** Opening Provided data block **
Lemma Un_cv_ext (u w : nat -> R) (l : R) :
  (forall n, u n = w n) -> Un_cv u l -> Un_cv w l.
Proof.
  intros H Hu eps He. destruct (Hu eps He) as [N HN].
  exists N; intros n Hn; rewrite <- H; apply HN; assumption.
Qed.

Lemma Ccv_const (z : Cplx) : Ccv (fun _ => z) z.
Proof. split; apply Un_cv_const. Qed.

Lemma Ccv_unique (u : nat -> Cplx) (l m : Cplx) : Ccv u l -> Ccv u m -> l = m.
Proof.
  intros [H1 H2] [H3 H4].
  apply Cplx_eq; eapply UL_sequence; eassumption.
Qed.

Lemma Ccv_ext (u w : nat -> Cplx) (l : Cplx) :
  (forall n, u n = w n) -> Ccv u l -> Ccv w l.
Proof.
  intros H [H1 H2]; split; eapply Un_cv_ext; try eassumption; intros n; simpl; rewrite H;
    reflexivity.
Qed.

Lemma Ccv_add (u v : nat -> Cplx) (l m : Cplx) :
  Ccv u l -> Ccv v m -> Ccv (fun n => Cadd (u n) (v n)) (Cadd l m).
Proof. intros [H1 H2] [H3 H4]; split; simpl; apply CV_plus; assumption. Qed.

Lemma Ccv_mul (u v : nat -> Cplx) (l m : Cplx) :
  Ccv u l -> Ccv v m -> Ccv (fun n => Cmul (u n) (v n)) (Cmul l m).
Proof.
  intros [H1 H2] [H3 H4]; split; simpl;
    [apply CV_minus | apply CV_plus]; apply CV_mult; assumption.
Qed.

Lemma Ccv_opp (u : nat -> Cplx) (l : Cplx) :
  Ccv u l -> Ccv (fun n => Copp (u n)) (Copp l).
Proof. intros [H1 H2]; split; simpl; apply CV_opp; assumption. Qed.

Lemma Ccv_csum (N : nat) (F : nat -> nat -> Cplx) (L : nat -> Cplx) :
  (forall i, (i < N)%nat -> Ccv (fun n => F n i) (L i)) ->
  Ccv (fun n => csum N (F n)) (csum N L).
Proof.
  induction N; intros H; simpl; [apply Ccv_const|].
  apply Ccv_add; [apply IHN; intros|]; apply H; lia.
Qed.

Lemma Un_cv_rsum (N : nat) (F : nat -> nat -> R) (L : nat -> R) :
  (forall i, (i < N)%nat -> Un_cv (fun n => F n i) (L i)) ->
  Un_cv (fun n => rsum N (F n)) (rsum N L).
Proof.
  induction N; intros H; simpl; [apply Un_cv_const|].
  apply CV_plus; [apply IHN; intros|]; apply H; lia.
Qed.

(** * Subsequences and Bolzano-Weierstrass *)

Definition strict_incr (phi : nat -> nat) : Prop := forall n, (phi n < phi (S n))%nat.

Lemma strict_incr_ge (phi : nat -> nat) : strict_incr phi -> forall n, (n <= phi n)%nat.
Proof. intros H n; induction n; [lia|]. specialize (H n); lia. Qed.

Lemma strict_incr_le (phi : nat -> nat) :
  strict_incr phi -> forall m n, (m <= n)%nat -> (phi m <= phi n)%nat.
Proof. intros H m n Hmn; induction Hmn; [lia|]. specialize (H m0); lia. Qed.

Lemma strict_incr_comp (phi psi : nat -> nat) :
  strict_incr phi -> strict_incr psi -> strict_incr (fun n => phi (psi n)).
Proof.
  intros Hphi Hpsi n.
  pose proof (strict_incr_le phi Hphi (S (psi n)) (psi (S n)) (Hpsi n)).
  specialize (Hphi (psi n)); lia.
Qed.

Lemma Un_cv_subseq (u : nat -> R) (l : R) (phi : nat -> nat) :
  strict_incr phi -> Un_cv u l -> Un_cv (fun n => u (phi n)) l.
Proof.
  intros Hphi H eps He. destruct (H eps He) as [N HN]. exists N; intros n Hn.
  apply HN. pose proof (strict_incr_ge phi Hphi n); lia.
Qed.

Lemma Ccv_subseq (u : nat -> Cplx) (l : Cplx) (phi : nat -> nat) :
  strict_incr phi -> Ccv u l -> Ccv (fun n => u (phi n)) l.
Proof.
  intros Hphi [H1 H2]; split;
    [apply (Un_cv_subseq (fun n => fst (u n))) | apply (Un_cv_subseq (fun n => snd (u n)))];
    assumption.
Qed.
** Closing Provided data block **
* _Problem_:
Show each line of the records above containing "pose".

* _Problem solution_:
  pose proof (strict_incr_le phi Hphi (S (psi n)) (psi (S n)) (Hpsi n)).
  apply HN. pose proof (strict_incr_ge phi Hphi n); lia.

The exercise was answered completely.